- **Work instructions**
Using the entries below, write out the line with "by rewrite map_xorb0 -cats1 -catA.", the line with "rewrite mulSn -cat_rcons take_cat", and every line in between, exactly as each is written.

- **Extracted records**
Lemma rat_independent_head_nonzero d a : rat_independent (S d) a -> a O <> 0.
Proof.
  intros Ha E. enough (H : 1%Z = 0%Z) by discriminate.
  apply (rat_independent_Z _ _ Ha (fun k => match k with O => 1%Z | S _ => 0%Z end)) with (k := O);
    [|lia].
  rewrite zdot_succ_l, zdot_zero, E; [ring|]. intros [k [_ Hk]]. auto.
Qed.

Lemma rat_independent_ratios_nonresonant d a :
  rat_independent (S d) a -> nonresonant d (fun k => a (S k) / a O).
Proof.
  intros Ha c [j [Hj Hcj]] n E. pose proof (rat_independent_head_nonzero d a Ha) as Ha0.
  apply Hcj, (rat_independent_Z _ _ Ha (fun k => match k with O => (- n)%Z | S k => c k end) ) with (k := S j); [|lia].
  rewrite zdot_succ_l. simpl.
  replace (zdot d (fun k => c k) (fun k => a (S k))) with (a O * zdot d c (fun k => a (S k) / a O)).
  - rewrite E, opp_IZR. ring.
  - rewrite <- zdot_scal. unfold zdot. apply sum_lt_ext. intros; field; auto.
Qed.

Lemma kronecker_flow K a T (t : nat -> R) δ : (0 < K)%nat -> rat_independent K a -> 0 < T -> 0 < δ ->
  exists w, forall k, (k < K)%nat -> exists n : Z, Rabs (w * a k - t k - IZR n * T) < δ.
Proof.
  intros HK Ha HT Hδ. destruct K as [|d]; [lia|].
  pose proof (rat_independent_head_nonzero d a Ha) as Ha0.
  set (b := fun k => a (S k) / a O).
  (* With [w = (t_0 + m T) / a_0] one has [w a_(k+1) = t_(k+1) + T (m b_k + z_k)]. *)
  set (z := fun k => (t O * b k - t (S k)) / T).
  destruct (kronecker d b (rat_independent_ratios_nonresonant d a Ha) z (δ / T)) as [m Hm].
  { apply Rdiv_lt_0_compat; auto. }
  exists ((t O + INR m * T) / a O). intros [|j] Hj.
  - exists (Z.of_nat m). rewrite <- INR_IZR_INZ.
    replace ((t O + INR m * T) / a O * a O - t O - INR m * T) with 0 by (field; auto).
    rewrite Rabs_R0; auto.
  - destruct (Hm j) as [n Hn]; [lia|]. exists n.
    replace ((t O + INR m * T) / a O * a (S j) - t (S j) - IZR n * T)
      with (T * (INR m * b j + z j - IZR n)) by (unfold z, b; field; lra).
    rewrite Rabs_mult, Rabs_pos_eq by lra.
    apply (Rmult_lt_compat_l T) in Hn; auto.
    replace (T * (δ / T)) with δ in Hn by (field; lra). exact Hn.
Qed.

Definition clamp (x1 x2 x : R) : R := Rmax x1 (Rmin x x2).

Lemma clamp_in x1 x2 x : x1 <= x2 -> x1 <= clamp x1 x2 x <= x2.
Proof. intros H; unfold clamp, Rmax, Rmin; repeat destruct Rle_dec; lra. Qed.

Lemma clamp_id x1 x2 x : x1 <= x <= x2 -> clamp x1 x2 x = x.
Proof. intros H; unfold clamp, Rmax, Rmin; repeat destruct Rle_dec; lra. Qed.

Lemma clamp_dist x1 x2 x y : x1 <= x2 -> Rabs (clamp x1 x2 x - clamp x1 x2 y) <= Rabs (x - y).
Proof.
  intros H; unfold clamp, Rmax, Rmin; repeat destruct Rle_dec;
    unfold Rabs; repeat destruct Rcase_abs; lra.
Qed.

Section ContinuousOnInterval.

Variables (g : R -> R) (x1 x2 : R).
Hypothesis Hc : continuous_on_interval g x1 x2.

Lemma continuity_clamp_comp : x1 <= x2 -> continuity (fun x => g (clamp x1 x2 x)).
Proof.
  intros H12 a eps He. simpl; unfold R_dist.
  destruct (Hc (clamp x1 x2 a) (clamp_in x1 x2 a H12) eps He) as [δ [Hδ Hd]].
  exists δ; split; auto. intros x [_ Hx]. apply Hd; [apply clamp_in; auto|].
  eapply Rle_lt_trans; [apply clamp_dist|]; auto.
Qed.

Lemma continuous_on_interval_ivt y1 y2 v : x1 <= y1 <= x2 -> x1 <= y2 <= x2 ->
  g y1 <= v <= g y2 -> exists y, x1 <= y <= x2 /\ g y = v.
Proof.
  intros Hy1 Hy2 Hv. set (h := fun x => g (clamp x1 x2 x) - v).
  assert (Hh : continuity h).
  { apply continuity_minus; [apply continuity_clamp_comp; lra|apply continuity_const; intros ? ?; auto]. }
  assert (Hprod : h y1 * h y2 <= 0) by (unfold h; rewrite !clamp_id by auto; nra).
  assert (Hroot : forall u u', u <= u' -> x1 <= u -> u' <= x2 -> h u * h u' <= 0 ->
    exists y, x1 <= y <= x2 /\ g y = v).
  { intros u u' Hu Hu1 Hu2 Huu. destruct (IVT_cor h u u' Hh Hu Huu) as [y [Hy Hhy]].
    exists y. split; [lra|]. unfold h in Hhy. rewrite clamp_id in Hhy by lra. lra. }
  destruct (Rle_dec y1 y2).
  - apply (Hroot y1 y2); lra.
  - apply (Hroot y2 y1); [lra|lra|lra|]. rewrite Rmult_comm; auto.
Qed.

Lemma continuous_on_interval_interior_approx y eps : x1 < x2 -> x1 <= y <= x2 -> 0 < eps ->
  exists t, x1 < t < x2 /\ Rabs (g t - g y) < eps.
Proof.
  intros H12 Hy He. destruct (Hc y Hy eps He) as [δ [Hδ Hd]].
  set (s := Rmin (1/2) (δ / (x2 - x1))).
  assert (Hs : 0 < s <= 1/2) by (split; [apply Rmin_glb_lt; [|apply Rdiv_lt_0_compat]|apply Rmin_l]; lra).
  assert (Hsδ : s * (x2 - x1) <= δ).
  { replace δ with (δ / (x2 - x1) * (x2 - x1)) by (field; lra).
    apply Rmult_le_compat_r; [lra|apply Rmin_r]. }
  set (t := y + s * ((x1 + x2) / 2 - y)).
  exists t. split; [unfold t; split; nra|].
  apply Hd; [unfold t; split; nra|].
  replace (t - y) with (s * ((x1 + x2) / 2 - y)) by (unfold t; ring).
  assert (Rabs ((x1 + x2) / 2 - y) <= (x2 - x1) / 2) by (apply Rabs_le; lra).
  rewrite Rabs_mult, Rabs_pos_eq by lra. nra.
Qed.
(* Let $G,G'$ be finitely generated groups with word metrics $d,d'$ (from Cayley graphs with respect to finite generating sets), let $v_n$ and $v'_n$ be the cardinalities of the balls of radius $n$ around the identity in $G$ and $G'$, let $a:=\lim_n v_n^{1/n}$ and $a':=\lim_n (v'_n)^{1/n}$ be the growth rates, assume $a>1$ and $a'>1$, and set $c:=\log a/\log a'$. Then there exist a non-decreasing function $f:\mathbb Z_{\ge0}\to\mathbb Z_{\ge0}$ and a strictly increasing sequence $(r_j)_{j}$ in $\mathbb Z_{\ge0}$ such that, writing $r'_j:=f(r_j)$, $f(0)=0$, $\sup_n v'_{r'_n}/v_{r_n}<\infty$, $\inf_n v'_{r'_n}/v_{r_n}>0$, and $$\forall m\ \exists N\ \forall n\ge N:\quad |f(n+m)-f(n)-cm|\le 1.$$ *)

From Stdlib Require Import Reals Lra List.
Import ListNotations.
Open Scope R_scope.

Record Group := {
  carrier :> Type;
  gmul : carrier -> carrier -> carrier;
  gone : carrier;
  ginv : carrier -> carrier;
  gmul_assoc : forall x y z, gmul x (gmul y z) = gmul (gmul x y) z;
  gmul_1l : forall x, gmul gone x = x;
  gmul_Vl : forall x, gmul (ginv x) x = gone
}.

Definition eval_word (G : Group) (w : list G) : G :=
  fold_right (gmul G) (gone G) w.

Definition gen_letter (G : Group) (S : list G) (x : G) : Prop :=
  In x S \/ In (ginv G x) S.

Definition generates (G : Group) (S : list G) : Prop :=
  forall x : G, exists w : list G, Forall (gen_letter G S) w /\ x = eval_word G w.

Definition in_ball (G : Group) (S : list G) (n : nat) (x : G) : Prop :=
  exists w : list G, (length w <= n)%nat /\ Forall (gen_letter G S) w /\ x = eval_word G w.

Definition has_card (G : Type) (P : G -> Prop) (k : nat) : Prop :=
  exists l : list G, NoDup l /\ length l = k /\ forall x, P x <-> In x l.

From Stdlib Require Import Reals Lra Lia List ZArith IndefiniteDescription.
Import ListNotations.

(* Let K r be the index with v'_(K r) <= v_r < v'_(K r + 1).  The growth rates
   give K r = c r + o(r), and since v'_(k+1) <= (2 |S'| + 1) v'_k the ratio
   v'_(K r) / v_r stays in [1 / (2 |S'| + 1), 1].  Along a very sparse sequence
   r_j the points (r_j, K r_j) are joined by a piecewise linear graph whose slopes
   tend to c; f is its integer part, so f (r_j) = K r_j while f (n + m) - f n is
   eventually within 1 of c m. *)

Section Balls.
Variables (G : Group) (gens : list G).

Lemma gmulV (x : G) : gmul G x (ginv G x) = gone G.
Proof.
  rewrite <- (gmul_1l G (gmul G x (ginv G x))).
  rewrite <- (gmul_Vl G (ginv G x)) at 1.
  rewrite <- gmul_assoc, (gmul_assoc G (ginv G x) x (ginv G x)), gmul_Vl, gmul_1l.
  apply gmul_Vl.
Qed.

...

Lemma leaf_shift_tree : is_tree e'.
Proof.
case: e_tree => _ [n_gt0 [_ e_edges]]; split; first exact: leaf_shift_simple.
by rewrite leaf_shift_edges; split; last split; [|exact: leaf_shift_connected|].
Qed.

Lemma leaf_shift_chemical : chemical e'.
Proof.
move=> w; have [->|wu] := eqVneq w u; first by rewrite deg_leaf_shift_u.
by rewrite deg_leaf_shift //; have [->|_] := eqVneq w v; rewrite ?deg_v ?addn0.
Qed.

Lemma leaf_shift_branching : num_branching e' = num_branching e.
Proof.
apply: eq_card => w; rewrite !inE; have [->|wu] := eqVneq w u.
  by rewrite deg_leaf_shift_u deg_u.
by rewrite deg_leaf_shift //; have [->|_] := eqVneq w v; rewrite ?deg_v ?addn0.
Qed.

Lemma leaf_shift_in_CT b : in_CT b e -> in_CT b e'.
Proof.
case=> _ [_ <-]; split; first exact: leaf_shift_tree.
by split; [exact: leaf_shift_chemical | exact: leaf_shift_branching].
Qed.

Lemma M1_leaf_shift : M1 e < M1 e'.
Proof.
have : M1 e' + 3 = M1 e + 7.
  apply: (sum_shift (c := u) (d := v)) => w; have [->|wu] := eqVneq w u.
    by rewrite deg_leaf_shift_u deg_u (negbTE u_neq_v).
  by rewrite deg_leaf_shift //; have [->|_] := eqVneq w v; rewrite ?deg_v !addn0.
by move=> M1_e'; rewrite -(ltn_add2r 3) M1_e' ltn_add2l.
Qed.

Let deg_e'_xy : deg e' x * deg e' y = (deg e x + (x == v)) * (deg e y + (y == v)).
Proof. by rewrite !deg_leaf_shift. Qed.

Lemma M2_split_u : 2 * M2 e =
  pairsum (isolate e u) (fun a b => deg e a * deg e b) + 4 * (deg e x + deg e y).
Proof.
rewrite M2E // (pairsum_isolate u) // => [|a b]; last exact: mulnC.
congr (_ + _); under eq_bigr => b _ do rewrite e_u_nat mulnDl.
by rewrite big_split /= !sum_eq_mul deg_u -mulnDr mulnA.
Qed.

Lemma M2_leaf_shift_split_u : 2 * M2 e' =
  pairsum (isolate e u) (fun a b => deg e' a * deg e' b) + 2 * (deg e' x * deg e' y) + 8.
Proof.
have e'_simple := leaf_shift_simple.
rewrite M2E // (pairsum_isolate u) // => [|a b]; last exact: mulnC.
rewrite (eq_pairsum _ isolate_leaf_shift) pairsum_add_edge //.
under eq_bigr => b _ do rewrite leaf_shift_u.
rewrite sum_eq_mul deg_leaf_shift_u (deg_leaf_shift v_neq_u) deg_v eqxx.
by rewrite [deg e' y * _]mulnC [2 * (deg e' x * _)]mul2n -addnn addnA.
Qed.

==

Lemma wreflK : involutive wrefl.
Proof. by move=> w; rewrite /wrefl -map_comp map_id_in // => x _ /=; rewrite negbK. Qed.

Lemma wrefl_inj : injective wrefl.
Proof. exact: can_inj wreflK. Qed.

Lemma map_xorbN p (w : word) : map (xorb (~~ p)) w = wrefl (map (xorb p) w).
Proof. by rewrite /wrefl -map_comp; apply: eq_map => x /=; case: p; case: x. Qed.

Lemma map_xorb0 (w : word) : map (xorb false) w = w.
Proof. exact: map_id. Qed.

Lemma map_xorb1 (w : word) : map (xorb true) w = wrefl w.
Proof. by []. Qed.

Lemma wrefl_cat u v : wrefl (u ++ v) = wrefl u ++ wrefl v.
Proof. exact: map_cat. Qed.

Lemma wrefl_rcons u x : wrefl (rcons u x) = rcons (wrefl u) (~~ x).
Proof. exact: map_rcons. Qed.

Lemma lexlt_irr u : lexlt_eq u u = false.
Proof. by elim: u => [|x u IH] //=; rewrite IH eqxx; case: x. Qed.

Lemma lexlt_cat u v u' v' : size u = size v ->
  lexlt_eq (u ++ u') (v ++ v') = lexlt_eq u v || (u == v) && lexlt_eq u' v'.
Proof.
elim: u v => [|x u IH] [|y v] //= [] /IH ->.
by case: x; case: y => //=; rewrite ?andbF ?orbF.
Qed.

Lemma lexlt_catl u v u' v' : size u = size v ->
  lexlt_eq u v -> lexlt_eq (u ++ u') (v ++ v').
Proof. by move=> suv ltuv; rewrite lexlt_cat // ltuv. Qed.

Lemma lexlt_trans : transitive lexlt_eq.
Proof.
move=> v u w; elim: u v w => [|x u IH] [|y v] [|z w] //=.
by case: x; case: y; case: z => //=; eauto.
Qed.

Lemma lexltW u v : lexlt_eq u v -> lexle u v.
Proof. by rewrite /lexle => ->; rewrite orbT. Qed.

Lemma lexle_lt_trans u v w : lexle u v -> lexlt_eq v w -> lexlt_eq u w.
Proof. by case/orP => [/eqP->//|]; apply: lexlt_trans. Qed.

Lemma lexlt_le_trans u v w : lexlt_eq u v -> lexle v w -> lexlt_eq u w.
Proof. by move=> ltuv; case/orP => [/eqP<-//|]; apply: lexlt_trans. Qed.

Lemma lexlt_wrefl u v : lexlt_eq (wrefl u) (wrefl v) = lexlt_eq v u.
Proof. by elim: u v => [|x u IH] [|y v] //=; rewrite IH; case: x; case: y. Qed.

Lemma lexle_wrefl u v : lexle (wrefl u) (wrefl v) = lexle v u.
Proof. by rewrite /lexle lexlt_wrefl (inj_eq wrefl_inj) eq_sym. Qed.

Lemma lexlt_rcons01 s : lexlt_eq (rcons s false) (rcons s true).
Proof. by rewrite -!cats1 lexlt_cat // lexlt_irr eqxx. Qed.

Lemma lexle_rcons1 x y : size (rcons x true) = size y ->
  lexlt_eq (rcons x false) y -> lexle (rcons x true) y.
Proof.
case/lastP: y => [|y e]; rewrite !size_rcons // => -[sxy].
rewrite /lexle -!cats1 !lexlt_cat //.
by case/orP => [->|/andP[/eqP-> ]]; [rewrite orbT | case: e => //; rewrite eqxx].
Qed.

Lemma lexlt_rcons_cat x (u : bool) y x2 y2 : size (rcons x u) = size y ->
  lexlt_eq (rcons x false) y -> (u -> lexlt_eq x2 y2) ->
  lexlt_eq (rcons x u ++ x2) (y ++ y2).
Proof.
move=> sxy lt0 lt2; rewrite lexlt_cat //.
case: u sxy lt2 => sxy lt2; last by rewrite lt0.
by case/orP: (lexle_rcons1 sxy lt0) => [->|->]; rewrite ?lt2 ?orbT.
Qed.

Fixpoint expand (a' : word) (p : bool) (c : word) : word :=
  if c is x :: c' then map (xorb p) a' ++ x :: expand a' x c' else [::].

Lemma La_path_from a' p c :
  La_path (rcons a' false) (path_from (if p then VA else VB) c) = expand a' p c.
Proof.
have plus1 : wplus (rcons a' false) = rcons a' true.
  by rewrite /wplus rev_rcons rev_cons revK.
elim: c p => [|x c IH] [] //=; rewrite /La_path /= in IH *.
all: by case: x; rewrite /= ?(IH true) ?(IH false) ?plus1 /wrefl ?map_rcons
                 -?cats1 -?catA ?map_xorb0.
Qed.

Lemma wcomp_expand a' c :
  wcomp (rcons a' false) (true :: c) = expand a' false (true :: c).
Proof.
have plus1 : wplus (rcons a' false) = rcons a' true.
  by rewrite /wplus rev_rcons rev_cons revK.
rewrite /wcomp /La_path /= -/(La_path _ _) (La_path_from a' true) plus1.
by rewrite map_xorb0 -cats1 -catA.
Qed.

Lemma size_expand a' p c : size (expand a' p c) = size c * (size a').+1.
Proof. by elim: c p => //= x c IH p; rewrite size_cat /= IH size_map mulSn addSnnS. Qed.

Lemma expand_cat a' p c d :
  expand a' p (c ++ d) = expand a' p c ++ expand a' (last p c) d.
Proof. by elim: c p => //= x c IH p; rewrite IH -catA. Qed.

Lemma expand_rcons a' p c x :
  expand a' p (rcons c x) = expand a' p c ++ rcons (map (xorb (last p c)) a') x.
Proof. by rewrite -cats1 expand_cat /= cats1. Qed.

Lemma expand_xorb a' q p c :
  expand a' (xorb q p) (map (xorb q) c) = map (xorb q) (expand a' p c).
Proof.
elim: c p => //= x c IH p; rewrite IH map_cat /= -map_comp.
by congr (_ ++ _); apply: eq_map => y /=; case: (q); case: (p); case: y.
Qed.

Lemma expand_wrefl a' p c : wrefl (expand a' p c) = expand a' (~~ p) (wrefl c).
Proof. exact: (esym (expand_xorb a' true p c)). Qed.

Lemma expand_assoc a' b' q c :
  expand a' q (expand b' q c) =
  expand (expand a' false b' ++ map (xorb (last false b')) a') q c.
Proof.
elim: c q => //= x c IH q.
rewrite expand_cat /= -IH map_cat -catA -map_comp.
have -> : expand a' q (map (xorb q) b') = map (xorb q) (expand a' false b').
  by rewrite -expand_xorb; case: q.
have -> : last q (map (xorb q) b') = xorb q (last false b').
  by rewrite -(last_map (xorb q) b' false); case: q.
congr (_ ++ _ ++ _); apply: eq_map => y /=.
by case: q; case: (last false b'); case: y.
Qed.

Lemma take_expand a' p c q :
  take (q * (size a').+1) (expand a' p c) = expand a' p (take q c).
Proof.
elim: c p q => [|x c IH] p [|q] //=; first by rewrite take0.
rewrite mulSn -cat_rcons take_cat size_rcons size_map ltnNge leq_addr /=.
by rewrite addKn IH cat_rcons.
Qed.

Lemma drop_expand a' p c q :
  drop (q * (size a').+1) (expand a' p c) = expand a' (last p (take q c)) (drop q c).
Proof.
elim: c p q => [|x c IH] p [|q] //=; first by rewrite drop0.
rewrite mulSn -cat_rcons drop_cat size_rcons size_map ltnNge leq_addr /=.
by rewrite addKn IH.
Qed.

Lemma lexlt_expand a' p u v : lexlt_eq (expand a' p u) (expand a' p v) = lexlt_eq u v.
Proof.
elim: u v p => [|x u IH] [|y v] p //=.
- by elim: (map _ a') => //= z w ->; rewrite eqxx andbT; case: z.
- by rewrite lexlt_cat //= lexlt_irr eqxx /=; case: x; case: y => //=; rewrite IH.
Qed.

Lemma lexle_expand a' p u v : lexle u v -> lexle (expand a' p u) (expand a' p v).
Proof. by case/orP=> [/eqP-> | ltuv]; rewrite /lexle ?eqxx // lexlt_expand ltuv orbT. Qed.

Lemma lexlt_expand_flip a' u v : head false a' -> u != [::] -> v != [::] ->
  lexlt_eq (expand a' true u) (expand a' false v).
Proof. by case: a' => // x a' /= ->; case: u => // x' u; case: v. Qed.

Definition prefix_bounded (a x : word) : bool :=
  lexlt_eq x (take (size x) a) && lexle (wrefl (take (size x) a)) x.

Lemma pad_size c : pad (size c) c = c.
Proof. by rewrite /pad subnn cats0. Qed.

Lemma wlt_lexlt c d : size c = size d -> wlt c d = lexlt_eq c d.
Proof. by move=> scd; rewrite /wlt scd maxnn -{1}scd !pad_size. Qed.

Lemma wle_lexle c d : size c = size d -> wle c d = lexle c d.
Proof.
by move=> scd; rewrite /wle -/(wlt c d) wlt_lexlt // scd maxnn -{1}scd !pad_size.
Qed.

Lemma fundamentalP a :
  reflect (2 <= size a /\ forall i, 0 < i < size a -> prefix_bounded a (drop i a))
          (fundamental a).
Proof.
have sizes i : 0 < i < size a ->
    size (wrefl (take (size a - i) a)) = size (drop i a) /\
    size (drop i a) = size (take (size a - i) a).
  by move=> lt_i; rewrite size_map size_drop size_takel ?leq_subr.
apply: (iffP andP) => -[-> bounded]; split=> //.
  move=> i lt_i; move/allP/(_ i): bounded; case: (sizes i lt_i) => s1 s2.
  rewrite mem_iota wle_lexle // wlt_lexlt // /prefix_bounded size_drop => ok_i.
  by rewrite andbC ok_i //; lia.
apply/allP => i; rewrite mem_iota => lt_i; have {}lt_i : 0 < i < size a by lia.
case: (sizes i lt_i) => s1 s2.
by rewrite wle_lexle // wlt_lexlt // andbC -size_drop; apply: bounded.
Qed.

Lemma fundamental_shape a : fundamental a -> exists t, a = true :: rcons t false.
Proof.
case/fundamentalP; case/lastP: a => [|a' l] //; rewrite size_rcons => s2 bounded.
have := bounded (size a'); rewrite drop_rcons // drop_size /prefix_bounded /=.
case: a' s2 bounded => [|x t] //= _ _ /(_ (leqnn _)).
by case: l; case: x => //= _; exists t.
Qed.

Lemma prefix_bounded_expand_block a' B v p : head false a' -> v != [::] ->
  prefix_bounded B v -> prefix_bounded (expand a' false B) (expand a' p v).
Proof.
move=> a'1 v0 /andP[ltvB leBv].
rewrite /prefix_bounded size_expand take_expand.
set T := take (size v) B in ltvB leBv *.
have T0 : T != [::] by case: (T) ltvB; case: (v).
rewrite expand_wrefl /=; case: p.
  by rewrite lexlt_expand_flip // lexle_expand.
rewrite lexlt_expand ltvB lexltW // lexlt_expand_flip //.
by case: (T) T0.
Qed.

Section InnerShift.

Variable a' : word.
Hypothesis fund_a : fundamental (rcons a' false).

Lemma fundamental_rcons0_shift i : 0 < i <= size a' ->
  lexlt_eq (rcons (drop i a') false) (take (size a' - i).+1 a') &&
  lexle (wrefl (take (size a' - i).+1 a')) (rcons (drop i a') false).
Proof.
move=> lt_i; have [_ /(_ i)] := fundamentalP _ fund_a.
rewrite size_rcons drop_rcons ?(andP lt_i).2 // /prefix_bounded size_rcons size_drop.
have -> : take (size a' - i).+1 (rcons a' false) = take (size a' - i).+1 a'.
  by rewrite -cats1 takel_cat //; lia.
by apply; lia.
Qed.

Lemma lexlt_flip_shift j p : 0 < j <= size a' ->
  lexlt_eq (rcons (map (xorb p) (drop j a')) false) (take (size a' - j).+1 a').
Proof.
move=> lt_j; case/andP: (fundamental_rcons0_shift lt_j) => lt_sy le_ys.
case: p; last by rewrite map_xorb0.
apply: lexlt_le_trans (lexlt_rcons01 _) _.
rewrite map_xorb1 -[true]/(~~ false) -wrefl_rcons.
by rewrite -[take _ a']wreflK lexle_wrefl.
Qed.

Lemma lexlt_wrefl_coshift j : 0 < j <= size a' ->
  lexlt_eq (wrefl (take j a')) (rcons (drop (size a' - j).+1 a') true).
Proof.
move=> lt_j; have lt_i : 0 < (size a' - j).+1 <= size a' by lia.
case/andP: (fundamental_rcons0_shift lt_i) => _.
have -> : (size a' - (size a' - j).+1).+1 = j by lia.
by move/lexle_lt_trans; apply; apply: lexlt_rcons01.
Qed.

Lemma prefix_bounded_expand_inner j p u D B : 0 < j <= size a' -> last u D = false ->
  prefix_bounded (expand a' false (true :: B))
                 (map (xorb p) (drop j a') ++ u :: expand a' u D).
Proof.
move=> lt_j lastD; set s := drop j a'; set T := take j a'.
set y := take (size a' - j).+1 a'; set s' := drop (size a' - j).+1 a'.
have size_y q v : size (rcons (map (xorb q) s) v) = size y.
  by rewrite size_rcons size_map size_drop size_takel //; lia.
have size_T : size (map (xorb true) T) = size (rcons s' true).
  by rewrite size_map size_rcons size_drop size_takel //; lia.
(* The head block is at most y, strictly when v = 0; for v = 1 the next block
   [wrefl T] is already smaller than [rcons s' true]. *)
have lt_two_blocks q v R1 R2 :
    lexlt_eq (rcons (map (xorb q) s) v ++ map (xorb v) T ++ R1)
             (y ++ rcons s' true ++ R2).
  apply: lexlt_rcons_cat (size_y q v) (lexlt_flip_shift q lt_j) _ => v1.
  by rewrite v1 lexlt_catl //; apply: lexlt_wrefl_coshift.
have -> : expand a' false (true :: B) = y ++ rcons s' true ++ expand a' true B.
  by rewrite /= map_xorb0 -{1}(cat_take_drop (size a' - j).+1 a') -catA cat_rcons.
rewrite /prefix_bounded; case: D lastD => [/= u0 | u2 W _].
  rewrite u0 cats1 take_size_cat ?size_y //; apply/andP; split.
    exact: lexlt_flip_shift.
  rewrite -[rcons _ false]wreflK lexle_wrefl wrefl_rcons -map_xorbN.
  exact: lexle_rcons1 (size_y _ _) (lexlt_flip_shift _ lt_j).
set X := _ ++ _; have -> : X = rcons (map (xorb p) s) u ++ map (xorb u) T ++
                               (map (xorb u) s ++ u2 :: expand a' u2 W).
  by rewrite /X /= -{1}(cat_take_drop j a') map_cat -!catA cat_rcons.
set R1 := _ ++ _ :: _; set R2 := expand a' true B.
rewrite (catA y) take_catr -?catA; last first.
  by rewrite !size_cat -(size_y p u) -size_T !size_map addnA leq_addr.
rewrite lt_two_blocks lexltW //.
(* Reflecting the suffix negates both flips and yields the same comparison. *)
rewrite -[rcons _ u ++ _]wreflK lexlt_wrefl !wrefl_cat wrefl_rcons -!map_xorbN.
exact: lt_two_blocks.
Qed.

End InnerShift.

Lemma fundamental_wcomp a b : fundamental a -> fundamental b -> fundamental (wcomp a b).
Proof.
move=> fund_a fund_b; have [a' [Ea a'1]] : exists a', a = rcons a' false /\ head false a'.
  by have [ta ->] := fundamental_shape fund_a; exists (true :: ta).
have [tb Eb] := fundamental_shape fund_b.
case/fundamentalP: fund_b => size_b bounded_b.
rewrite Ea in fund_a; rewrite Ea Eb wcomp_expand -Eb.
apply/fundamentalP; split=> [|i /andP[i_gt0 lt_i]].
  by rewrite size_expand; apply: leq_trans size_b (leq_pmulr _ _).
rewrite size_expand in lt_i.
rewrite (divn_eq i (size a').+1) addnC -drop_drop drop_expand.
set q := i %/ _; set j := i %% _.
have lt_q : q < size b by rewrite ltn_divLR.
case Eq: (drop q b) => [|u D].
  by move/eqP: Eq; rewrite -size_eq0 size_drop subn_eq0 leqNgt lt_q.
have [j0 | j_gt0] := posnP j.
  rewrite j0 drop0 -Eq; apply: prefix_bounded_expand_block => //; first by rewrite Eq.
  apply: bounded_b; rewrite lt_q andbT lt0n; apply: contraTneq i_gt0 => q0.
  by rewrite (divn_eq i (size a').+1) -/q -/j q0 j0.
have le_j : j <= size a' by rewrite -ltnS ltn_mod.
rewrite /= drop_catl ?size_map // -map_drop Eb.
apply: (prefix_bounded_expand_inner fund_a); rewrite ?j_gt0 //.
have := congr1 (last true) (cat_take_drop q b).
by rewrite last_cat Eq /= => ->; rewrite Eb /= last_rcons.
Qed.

- **Reply**
by rewrite map_xorb0 -cats1 -catA.
Qed.

Lemma size_expand a' p c : size (expand a' p c) = size c * (size a').+1.
Proof. by elim: c p => //= x c IH p; rewrite size_cat /= IH size_map mulSn addSnnS. Qed.

Lemma expand_cat a' p c d :
  expand a' p (c ++ d) = expand a' p c ++ expand a' (last p c) d.
Proof. by elim: c p => //= x c IH p; rewrite IH -catA. Qed.

Lemma expand_rcons a' p c x :
  expand a' p (rcons c x) = expand a' p c ++ rcons (map (xorb (last p c)) a') x.
Proof. by rewrite -cats1 expand_cat /= cats1. Qed.

Lemma expand_xorb a' q p c :
  expand a' (xorb q p) (map (xorb q) c) = map (xorb q) (expand a' p c).
Proof.
elim: c p => //= x c IH p; rewrite IH map_cat /= -map_comp.
by congr (_ ++ _); apply: eq_map => y /=; case: (q); case: (p); case: y.
Qed.

Lemma expand_wrefl a' p c : wrefl (expand a' p c) = expand a' (~~ p) (wrefl c).
Proof. exact: (esym (expand_xorb a' true p c)). Qed.

Lemma expand_assoc a' b' q c :
  expand a' q (expand b' q c) =
  expand (expand a' false b' ++ map (xorb (last false b')) a') q c.
Proof.
elim: c q => //= x c IH q.
rewrite expand_cat /= -IH map_cat -catA -map_comp.
have -> : expand a' q (map (xorb q) b') = map (xorb q) (expand a' false b').
  by rewrite -expand_xorb; case: q.
have -> : last q (map (xorb q) b') = xorb q (last false b').
  by rewrite -(last_map (xorb q) b' false); case: q.
congr (_ ++ _ ++ _); apply: eq_map => y /=.
by case: q; case: (last false b'); case: y.
Qed.

Lemma take_expand a' p c q :
  take (q * (size a').+1) (expand a' p c) = expand a' p (take q c).
Proof.
elim: c p q => [|x c IH] p [|q] //=; first by rewrite take0.
rewrite mulSn -cat_rcons take_cat size_rcons size_map ltnNge leq_addr /=.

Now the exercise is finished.